ア当該アンスリューム属植物地下部は、日本の飛行場に到着後直ちに植物検疫を受けなければならないこと。
イその検査前に封印を破った場合、当該アンスリューム属植物地下部は、輸入が禁止されること。
 
11  輸入検査
(1)輸入検査は、輸入港において当該アンスリューム属植物地下部及び添付されている植物検疫証明書又は植物検疫証票を確認して行うものとする。
ただし、植物検疫証票による確認は、航空携行手荷物として輸入された場合に限り行うものとする。
(2)航空携行手荷物として輸入された場合において、(1)の確認を行ったときは、当該こん包の植物検疫証明書又は植物検疫証票をまっ消するものとする。

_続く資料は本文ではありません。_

Section RecordWalk.
Variables (pi tau : nat -> nat) (a : nat -> int) (n : nat).
Hypothesis pi_gt0 : forall i, (0 < i)%N -> (0 < pi i)%N.
Hypothesis pi_inj : forall i j, (0 < i)%N -> (0 < j)%N -> pi i = pi j -> i = j.
Hypothesis tau_record : forall i, (0 < i)%N -> record_time pi (tau i).
Hypothesis tau1 : tau 1 = 1%N.
Hypothesis tau_incr : forall i j, (0 < i)%N -> (i < j)%N -> (tau i < tau j)%N.
Hypothesis tau_onto : forall s, record_time pi s -> exists i, (0 < i)%N /\ tau i = s.

Let tau_le i j : (0 < i)%N -> (i <= j)%N -> (tau i <= tau j)%N :=
  @incr_le _ nat tau tau_incr i j.

Lemma tau_gt0 i : (0 < i)%N -> (0 < tau i)%N.
Proof. by move=> /tau_record []. Qed.

Lemma le_record_value k j : (0 < k)%N -> (0 < j)%N -> (j < tau k.+1)%N ->
  (pi j <= pi (tau k))%N.
Proof.
move=> k0; elim: j {-2}j (leqnn j) => [|N IH] j jN j0 jk; first by move: j0; lia.
case: (pselect (record_time pi j)) => [jrec|not_rec].
  have [i [i0 ij]] := tau_onto jrec; rewrite -ij in jk *.
  have ik : (i < k.+1)%N by exact: (@incr_lt_rev _ nat tau tau_incr i k.+1 isT jk).
  case: (ltngtP i k) => [{}ik|//|->//]; last by move: ik; lia.
  by apply: ltnW; have [_] := tau_record k0; apply; [exact: tau_gt0|exact: tau_incr].
have [j' [j'0 [j'j le_j]]] : exists j', (0 < j')%N /\ (j' < j)%N /\ (pi j <= pi j')%N.
  apply: contrapT => none; apply: not_rec; split => // j' j'0 j'j.
  by rewrite ltnNge; apply/negP => le_j; apply: none; exists j'.
by apply: leq_trans le_j _; apply: IH => //; [lia|exact: ltn_trans j'j jk].
Qed.

Definition walk_state (t m k : nat) :=
  (k = 0%N /\ t = 0%N /\ m = 0%N) \/
  [/\ (0 < k)%N, (tau k <= t)%N, (t < tau k.+1)%N & m = pi (tau k)].

Lemma walk_state_lt t m k : walk_state t m k -> (t < tau k.+1)%N.
Proof. by case=> [[-> [-> _]]|[]]; rewrite ?tau1. Qed.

(3)植物検疫証明書若しくは植物検疫証票が添付されていない場合、告示7の(1)のこん包が破損若しくは開扉されている場合、告示7の(3)の封印がない場合又は告示10の表示がなされていない場合は、当該アンスリューム属植物地下部の廃棄又は返送を命じるものとする。
(4)(1)から(3)まで以外の輸入検査の手続及び方法は、輸入植物検疫規程(昭和25年7月8日農林省告示第206号)によるものとする。
(5)植物防疫官は、ラドフォラス属線虫が発見された場合には、次により措置するものとする。
ア 当該アンスリューム属植物地下部を含む荷口全量の廃棄又は返送を命ずること。
イ ラドフォラス属線虫が付着した原因についてアメリカ合衆国植物防疫機関と共同して調査し、その原因が判明するまでは、それ以後の輸入検査を中止すること。